Он отбросил свои камешки и продолжил, довольно бесцеремонно глядя мне в глаза:
– А знаешь, Рэд, мне там непременно понадобится человек, умеющий крутиться и доставать вещи.
Я довольно долго думал об этом разговоре. И почему-то мне даже не казалось абсурдным, что мы обсуждали такие проекты на вонючем тюремном дворе под пристальными взглядами вооруженных до зубов ребят на вышках.
– Не могу, – ответил я. – Там я ничего не могу. Я привык к своей несвободе. Здесь я человек, который может все – по крайней мере многое. Но там, на свободе, мои способности не будут нужны никому. И если ты захочешь купить плакаты или полировальные подушечки, у тебя всегда под рукой каталоги любого крупного универмага. Здесь я выступаю в роли этого чертова каталога. А там… просто непонятно, с чего начать. И непонятно, как.
– Не преуменьшай своих достоинств. Ты самоучка, человек, который всего в жизни добился сам. Совершенно замечательный человек, на мой взгляд.
– О дьявол, у меня нет даже диплома высшей школы.
– Я знаю, – ответил Энди. – Но не бумажка создает человека. И не тюрьма его уничтожает.
– За пределами этих стен я буду ничем, Энди. Это точно.
Он встал.
– Обдумай мои слова, – негромко произнес он и пошел прочь, как если бы один деловой человек на свободе сделал конкретное предложение другому деловому человеку.
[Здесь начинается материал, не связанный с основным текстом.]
(* Let $p$ be an odd prime and let $q\in\mathbb C_p$ with $|1-q|_p<p^{-1/(p-1)}$. For every $n\in\mathbb Z_+$, $$\sum_{m=0}^n\binom nm(q-1)^mE_{m,q}=\sum_{m=0}^n\sum_{k=m}^n(q-1)^k\binom nk_q s_{1,q}(k,m)E_{m,q}.$$
   Context: For $x\in\mathbb Z_p$, $[x]_q=\frac{1-q^x}{1-q}$. The fermionic $p$-adic integral of a uniformly differentiable $f:\mathbb Z_p\to\mathbb C_p$ is $\int_{\mathbb Z_p}f(x)\,d\mu_{-1}(x)=\lim_{N\to\infty}\sum_{x=0}^{p^N-1}f(x)(-1)^x$. The $q$-Euler numbers are $E_{n,q}=\int_{\mathbb Z_p}[x]_q^n\,d\mu_{-1}(x)$. $[n]_q!=[n]_q\cdots[1]_q$ ($[0]_q!=1$), $\binom nk_q=\frac{[n]_q!}{[k]_q![n-k]_q!}$. The $q$-Stirling numbers of the first kind $s_{1,q}(k,l)$ are defined by $[x]_q[x-1]_q\cdots[x-k+1]_q=q^{-\binom k2}\sum_{l=0}^k s_{1,q}(k,l)[x]_q^l$ for $k\in\mathbb Z_+$, as an identity of polynomials in $[x]_q$ (using $[x-i]_q=q^{-i}([x]_q-[i]_q)$). *)

From HB Require Import structures.
From mathcomp Require Import all_boot all_order all_algebra.
From mathcomp Require Import reals.
From Stdlib Require Import ClassicalEpsilon.
Set Implicit Arguments. Unset Strict Implicit. Unset Printing Implicit Defensive.
Import Order.TTheory GRing.Theory Num.Theory.
Local Open Scope ring_scope.

(* We model it as an algebraically closed field K
   equipped with an absolute value absv : K -> R (R the reals) which is
   non-archimedean, normalised by |p| = 1/p, and complete. *)
Definition Cp_like (p : nat) (R : realType) (K : closedFieldType)
  (absv : K -> R) : Prop :=
  (forall x, 0 <= absv x) /\
  [/\ forall x, absv x = 0 <-> x = 0,
      forall x y, absv (x * y) = absv x * absv y,
      forall x y, absv (x + y) <= Num.max (absv x) (absv y),
      absv (p%:R) = (p%:R)^-1 &
      forall u : nat -> K,
        (forall e : R, 0 < e -> exists N, forall m k, (N <= m)%N -> (N <= k)%N ->
            absv (u m - u k) < e) ->
        exists l, forall e : R, 0 < e -> exists N, forall m, (N <= m)%N ->
            absv (u m - l) < e].

Definition cvg_abs (R : realType) (K : closedFieldType) (absv : K -> R)
  (u : nat -> K) (l : K) : Prop :=
  forall e : R, 0 < e -> exists N, forall m, (N <= m)%N -> absv (u m - l) < e.

(* fermionic p-adic integral: lim_N sum_{x=0}^{p^N-1} f(x) (-1)^x
   (the integrand only enters through its values at natural numbers) *)
Definition fermionic_int (R : realType) (K : closedFieldType) (absv : K -> R)
  (p : nat) (f : nat -> K) : K :=
  epsilon (inhabits 0)
    (cvg_abs absv (fun N => \sum_(x < p ^ N) f x * (-1) ^+ x)).

(* [x]_q = (1 - q^x)/(1 - q) for natural x, written as the geometric sum
   1 + q + ... + q^(x-1) (equal for q <> 1, and = x at q = 1) *)
Definition qnum (K : closedFieldType) (q : K) (x : nat) : K :=
  \sum_(i < x) q ^+ i.

Definition qfact (K : closedFieldType) (q : K) (n : nat) : K :=
  \prod_(i < n) qnum q i.+1.

Definition qbinom (K : closedFieldType) (q : K) (n k : nat) : K :=
  qfact q n / (qfact q k * qfact q (n - k)).

(* q-Stirling numbers of the first kind: [x]_q[x-1]_q...[x-k+1]_q
   = q^{-C(k,2)} sum_l s_{1,q}(k,l) [x]_q^l, with [x-i]_q = q^{-i}([x]_q-[i]_q),
   as polynomials in X = [x]_q *)
Definition s1q (K : closedFieldType) (q : K) (k l : nat) : K :=
  q ^+ 'C(k, 2) * (\prod_(i < k) (q ^- i *: ('X - (qnum q i)%:P))) `_ l.

Definition Eq (R : realType) (K : closedFieldType) (absv : K -> R)
  (p : nat) (q : K) (m : nat) : K :=
  fermionic_int absv p (fun x => qnum q x ^+ m).

From HB Require Import structures.
From mathcomp Require Import all_boot all_order all_algebra.
From mathcomp Require Import reals.
From mathcomp Require Import ring lra.
Set Implicit Arguments.
Unset Strict Implicit.
Unset Printing Implicit Defensive.

Import Order.TTheory GRing.Theory Num.Theory.
Local Open Scope ring_scope.

(* Write X for [x]_q.  Since (q - 1) X + 1 = q^x and [x]_q - [i]_q = q^i [x - i]_q,
   the q-analogue of Newton's binomial expansion is the polynomial identity
     ((q - 1) X + 1)^n = \sum_k (q - 1)^k [n choose k]_q \prod_(i < k) (X - [i]_q),
   and for q <> 0 the coefficient of X^m in \prod_(i < k) (X - [i]_q) is s_{1,q}(k, m).
   Comparing coefficients of X^m gives
     C(n, m) (q - 1)^m = \sum_k (q - 1)^k [n choose k]_q s_{1,q}(k, m),
   which is the theorem term by term in E_{m,q}.
   Here [n choose k]_q is given by the q-Pascal rule; it equals
   [n]_q! / ([k]_q! [n - k]_q!) once [j]_q <> 0 for 0 < j <= n, and this is where the
   p-adic hypothesis enters.  Otherwise some power z of q satisfies z <> 1 = z^r with
   r prime and |z - 1| <= |q - 1|; with s = z - 1 this gives
     0 = ((1 + s)^r - 1) / s = r + \sum_(2 <= i <= r) C(r, i) s^(i - 1),
   impossible since every term of the sum is smaller than |r|. *)

Section QCalculus.
Variables (K : closedFieldType) (q : K).

Lemma qnum_subr1 j : (q - 1) * qnum q j = q ^+ j - 1.
Proof. by rewrite subrX1. Qed.

Lemma qnumD a b : qnum q (a + b) = qnum q a + q ^+ a * qnum q b.
Proof.
rewrite /qnum big_split_ord mulr_sumr /=.
by congr (_ + _); apply: eq_bigr => i _; rewrite exprD.
Qed.

Lemma qfact0 : qfact q 0 = 1.
Proof. by rewrite /qfact big_ord0. Qed.

Lemma qfactS n : qfact q n.+1 = qfact q n * qnum q n.+1.
Proof. by rewrite /qfact big_ord_recr. Qed.

(* The q-Pascal recursion, which makes sense without dividing by q-factorials. *)
Fixpoint gauss_binom n k : K :=
  match n, k with
  | 0, 0 => 1
  | 0, _.+1 => 0
  | n'.+1, 0 => 1
  | n'.+1, k'.+1 => gauss_binom n' k' + q ^+ k'.+1 * gauss_binom n' k'.+1
  end.

Lemma gauss_binom_small n k : (n < k)%N -> gauss_binom n k = 0.
Proof.
elim: n k => [|n IHn] [|k] //= ltnk.
by rewrite !IHn ?mulr0 ?addr0 // ltnW.
Qed.

Lemma gauss_binom_diag n : gauss_binom n n = 1.
Proof. by elim: n => //= n ->; rewrite gauss_binom_small // mulr0 addr0. Qed.

Lemma gauss_binom_0 n : gauss_binom n 0 = 1.
Proof. by case: n. Qed.

Lemma gauss_binom_qfact n k : (k <= n)%N ->
  gauss_binom n k * qfact q k * qfact q (n - k) = qfact q n.
Proof.
elim: n k => [|n IHn] [|k] //= lekn.
- by rewrite qfact0 !mulr1.
- by rewrite qfact0 !mul1r subn0.
have [ltkn|lenk] := ltnP k n; last first.
  have -> : k = n by apply/eqP; rewrite eqn_leq -ltnS lekn lenk.
  rewrite gauss_binom_diag [gauss_binom n n.+1]gauss_binom_small // subnn.
  by rewrite qfact0 mulr0 addr0 !mulr1 mul1r qfactS.
have nk : (n - k = (n - k.+1).+1)%N by rewrite subnSK.
have qnum_split : qnum q n.+1 = qnum q k.+1 + q ^+ k.+1 * qnum q (n - k.+1).+1.
  by rewrite -qnumD addnS subnKC.
have left_part : qfact q n * qnum q k.+1 =
    gauss_binom n k * qfact q k.+1 * qfact q (n - k).
  by rewrite -(IHn k) 1?ltnW // qfactS; ring.
have right_part : qfact q n * (q ^+ k.+1 * qnum q (n - k.+1).+1) =
    q ^+ k.+1 * gauss_binom n k.+1 * qfact q k.+1 * qfact q (n - k).
  by rewrite -(IHn k.+1) // nk [qfact q (n - k.+1).+1]qfactS; ring.
by rewrite [qfact q n.+1]qfactS qnum_split mulrDr left_part right_part subSS; ring.
Qed.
И на какое-то мгновение я действительно почувствовал себя свободным. Да, Энди мог творить чудеса. Благодаря ему я на время забыл о том, что оба мы осуждены пожизненно, забыл о ребятах на вышках и коменданте-баптисте, которому нравится Энди Дюфресн, находящийся в Шоушенке, и нигде больше. Ведь Энди для него – как домашняя зверушка, обученная заполнять ведомости и проводить счета. Совершенно замечательное создание!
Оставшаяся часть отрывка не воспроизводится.